Problem statement:
Looking at the listing below, retype exactly the lines starting at the one containing "From Stdlib Require Import Reals Lra." and ending at the one containing "Definition cot (x : R) : R := cos x / sin x.", both included, and nothing else.

Material supplied:

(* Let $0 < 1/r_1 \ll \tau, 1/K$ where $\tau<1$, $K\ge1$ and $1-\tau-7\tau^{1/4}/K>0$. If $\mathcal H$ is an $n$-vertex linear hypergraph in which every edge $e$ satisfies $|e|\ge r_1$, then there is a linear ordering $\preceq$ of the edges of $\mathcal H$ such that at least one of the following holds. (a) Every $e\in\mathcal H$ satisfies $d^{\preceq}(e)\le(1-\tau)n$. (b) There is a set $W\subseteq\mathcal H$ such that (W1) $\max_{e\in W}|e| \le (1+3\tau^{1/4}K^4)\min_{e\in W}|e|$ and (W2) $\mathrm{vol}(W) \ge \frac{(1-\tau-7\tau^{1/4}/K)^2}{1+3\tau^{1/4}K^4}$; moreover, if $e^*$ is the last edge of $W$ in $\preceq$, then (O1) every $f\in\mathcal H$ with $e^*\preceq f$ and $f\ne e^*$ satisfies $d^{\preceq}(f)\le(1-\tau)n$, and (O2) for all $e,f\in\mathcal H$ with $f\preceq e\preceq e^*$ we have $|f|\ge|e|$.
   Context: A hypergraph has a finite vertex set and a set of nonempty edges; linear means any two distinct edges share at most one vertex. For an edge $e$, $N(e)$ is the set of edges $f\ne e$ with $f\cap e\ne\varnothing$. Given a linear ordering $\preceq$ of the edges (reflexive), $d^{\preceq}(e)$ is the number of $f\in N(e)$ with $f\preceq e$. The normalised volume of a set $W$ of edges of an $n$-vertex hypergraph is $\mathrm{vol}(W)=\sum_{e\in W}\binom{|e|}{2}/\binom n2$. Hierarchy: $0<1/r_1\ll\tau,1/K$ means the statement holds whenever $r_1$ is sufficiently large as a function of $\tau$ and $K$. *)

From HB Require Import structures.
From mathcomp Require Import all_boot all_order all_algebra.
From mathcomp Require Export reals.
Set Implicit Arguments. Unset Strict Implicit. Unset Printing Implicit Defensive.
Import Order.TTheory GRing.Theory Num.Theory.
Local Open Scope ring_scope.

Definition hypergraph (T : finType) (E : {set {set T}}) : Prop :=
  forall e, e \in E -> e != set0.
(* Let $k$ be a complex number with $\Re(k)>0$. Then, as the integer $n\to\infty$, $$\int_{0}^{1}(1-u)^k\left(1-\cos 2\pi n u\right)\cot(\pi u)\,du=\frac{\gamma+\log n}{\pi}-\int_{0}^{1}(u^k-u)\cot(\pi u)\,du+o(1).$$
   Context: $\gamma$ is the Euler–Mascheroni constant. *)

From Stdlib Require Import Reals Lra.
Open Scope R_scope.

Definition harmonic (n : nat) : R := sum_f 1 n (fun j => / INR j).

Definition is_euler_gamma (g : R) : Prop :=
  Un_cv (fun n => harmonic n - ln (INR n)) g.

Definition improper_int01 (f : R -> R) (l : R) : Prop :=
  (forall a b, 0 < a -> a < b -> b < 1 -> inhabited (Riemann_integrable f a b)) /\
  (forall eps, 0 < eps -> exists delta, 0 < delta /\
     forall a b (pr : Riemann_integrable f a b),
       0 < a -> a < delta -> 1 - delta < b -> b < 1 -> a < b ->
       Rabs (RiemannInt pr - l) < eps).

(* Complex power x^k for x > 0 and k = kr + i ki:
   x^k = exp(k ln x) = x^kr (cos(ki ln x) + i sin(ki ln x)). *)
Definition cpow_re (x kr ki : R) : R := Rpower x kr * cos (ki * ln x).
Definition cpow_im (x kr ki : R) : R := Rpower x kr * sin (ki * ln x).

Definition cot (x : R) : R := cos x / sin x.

* * *

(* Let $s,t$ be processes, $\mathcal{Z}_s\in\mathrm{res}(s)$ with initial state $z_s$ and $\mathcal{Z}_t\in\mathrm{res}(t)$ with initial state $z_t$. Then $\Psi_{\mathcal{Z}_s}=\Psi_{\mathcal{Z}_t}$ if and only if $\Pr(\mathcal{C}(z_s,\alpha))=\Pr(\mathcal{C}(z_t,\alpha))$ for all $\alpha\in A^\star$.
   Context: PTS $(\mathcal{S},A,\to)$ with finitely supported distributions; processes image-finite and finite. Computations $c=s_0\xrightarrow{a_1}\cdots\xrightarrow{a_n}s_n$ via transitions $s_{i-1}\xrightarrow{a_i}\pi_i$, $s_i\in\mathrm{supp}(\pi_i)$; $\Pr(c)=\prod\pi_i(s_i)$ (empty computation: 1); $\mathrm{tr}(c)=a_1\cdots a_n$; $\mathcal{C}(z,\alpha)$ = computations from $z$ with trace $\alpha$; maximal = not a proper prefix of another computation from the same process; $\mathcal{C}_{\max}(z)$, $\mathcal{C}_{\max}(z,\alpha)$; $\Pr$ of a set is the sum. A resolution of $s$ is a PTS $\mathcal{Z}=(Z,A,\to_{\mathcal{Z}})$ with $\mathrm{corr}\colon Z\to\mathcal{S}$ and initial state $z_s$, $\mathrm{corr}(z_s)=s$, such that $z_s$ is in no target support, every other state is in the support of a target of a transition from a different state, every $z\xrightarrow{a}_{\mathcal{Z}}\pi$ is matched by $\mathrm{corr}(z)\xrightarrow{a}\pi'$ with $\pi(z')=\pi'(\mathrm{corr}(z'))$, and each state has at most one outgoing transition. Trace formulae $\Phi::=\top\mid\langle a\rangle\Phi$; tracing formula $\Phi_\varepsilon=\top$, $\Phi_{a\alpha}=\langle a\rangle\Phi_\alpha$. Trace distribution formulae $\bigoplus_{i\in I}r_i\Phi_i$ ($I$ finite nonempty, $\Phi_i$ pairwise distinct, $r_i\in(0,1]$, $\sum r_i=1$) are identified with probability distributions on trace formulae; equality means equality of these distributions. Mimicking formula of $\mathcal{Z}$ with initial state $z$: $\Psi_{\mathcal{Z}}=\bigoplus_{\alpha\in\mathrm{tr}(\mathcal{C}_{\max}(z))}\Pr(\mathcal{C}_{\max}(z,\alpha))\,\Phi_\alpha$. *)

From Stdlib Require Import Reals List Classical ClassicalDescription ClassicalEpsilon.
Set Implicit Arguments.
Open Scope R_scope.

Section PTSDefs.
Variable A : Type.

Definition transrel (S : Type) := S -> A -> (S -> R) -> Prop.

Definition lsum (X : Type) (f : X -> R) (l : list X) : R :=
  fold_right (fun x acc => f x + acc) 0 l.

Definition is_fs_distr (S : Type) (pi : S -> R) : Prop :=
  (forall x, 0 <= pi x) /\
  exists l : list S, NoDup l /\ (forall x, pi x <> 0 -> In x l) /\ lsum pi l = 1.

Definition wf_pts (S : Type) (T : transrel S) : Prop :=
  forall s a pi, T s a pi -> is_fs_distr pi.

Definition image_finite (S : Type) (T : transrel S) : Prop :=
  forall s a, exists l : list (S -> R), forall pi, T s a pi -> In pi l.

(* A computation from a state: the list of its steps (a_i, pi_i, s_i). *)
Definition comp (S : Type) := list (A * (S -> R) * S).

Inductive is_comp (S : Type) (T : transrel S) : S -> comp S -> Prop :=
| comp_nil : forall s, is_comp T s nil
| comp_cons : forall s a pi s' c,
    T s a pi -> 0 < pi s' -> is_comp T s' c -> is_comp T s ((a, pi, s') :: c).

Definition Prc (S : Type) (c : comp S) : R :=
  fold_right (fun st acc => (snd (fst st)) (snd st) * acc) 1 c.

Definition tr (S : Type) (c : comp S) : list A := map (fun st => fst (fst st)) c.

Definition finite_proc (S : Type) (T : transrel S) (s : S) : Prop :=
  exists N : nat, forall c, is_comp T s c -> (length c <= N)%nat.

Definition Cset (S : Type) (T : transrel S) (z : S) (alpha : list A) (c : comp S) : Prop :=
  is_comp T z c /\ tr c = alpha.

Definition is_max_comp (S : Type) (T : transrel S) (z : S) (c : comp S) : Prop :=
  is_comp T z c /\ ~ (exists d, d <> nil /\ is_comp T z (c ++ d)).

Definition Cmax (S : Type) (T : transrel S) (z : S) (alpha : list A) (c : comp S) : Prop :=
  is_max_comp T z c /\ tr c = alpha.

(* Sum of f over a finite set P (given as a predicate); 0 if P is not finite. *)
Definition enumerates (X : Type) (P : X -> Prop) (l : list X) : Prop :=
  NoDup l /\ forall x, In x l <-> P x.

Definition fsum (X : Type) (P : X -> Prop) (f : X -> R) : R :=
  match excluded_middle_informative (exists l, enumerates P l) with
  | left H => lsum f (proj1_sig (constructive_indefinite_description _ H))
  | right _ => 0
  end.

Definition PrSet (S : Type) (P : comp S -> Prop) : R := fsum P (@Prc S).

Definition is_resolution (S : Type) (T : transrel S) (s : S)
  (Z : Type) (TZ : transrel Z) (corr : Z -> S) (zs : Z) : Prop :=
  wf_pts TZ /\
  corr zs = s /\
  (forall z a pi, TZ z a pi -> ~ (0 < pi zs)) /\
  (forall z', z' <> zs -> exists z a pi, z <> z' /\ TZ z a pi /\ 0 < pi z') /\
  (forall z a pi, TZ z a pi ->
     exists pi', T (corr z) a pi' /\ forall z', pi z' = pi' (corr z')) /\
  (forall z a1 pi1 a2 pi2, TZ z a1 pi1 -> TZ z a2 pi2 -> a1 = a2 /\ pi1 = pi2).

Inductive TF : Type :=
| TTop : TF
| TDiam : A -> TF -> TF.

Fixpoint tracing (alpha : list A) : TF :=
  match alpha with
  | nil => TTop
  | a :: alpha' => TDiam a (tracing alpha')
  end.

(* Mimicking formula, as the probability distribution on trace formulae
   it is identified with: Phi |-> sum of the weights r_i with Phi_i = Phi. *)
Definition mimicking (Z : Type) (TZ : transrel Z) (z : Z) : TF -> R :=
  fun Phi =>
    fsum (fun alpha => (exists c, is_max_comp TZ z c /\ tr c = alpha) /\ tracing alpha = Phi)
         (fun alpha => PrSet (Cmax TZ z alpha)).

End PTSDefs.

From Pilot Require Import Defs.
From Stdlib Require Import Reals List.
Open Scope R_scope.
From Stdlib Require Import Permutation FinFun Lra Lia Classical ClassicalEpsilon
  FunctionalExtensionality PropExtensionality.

==

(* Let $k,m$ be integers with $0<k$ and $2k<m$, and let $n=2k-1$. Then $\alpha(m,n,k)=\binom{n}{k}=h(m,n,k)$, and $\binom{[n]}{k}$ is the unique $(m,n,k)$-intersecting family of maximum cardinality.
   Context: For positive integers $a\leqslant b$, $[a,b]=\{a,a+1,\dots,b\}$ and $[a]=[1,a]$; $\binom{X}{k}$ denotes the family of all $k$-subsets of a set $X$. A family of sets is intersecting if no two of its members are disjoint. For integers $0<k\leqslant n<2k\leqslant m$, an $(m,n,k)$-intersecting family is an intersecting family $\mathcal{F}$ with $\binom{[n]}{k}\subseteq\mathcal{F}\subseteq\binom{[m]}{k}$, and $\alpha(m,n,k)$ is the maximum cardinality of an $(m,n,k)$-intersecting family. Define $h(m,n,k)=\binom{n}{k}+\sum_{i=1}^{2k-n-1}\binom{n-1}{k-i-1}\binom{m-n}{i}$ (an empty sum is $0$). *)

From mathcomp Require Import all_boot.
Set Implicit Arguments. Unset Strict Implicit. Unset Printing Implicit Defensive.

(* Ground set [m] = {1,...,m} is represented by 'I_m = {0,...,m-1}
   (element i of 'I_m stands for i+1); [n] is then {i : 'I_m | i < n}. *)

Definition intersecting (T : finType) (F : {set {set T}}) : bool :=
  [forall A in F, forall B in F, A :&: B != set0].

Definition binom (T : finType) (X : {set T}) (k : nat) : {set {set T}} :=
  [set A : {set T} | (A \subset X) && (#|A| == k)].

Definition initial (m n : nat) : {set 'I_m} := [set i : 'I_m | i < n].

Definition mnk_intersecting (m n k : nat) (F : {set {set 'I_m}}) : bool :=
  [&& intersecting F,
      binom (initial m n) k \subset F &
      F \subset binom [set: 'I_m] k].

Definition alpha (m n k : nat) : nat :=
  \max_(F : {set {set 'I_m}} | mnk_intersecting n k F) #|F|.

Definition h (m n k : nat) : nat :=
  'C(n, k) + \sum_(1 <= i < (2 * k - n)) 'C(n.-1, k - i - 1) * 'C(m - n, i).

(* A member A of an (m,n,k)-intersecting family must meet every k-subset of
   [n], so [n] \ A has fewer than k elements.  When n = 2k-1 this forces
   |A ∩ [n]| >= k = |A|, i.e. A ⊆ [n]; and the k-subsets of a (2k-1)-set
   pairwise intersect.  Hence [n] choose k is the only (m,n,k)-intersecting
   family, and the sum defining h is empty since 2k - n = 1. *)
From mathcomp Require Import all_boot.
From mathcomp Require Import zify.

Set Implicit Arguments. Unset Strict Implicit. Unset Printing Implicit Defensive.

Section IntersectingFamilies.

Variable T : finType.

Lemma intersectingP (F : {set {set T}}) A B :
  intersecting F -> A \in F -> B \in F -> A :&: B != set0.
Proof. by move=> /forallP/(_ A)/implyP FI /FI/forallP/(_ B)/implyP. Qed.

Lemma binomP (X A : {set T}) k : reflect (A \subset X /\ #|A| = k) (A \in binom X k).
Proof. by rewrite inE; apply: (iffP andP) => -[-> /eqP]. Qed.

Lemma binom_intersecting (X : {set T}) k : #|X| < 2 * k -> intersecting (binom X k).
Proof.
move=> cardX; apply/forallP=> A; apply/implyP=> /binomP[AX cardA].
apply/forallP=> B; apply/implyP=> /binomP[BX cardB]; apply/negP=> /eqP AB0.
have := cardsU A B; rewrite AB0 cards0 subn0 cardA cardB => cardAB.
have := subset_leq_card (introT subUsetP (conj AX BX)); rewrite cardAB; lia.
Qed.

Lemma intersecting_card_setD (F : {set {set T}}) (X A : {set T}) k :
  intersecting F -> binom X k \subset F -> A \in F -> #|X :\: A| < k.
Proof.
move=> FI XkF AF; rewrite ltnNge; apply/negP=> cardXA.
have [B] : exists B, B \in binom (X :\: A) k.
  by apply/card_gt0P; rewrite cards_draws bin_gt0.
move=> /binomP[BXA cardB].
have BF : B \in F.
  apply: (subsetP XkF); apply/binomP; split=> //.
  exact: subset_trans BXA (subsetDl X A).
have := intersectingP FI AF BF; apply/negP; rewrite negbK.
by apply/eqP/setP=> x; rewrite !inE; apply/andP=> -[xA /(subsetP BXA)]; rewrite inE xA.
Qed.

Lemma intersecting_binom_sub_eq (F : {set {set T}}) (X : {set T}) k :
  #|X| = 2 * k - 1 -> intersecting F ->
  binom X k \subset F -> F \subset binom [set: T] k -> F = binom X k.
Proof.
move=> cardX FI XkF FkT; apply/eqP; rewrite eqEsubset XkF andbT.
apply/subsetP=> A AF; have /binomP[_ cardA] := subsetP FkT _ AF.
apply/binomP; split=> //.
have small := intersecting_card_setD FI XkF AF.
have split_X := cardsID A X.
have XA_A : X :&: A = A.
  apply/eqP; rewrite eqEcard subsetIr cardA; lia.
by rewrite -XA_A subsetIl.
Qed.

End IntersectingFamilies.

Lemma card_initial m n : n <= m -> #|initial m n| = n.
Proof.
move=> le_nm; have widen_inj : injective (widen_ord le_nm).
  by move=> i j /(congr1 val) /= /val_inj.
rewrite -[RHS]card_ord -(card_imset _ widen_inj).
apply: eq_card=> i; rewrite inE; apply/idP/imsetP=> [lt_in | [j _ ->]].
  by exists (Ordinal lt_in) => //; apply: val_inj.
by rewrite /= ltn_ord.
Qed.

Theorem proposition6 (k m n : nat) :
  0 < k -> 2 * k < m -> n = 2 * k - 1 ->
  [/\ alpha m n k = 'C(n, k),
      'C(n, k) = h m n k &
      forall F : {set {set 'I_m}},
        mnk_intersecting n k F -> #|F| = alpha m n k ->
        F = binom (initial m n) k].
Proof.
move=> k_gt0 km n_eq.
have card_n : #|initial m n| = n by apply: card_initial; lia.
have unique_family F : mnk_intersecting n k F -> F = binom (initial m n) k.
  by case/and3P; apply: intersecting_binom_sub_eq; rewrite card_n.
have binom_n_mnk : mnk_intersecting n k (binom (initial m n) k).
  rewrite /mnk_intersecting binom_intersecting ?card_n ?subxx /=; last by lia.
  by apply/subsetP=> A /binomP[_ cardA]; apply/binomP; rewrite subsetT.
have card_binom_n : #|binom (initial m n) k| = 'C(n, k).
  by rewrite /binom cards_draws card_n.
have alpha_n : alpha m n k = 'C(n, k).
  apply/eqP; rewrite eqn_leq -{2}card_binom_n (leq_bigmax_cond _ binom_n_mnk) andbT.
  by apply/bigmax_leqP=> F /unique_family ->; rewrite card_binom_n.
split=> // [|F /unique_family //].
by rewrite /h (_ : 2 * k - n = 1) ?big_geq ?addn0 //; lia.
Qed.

Answer to this problem:
From Stdlib Require Import Reals Lra.
Open Scope R_scope.

Definition harmonic (n : nat) : R := sum_f 1 n (fun j => / INR j).

Definition is_euler_gamma (g : R) : Prop :=
  Un_cv (fun n => harmonic n - ln (INR n)) g.

Definition improper_int01 (f : R -> R) (l : R) : Prop :=
  (forall a b, 0 < a -> a < b -> b < 1 -> inhabited (Riemann_integrable f a b)) /\
  (forall eps, 0 < eps -> exists delta, 0 < delta /\
     forall a b (pr : Riemann_integrable f a b),
       0 < a -> a < delta -> 1 - delta < b -> b < 1 -> a < b ->
       Rabs (RiemannInt pr - l) < eps).

(* Complex power x^k for x > 0 and k = kr + i ki:
   x^k = exp(k ln x) = x^kr (cos(ki ln x) + i sin(ki ln x)). *)
Definition cpow_re (x kr ki : R) : R := Rpower x kr * cos (ki * ln x).
Definition cpow_im (x kr ki : R) : R := Rpower x kr * sin (ki * ln x).

Definition cot (x : R) : R := cos x / sin x.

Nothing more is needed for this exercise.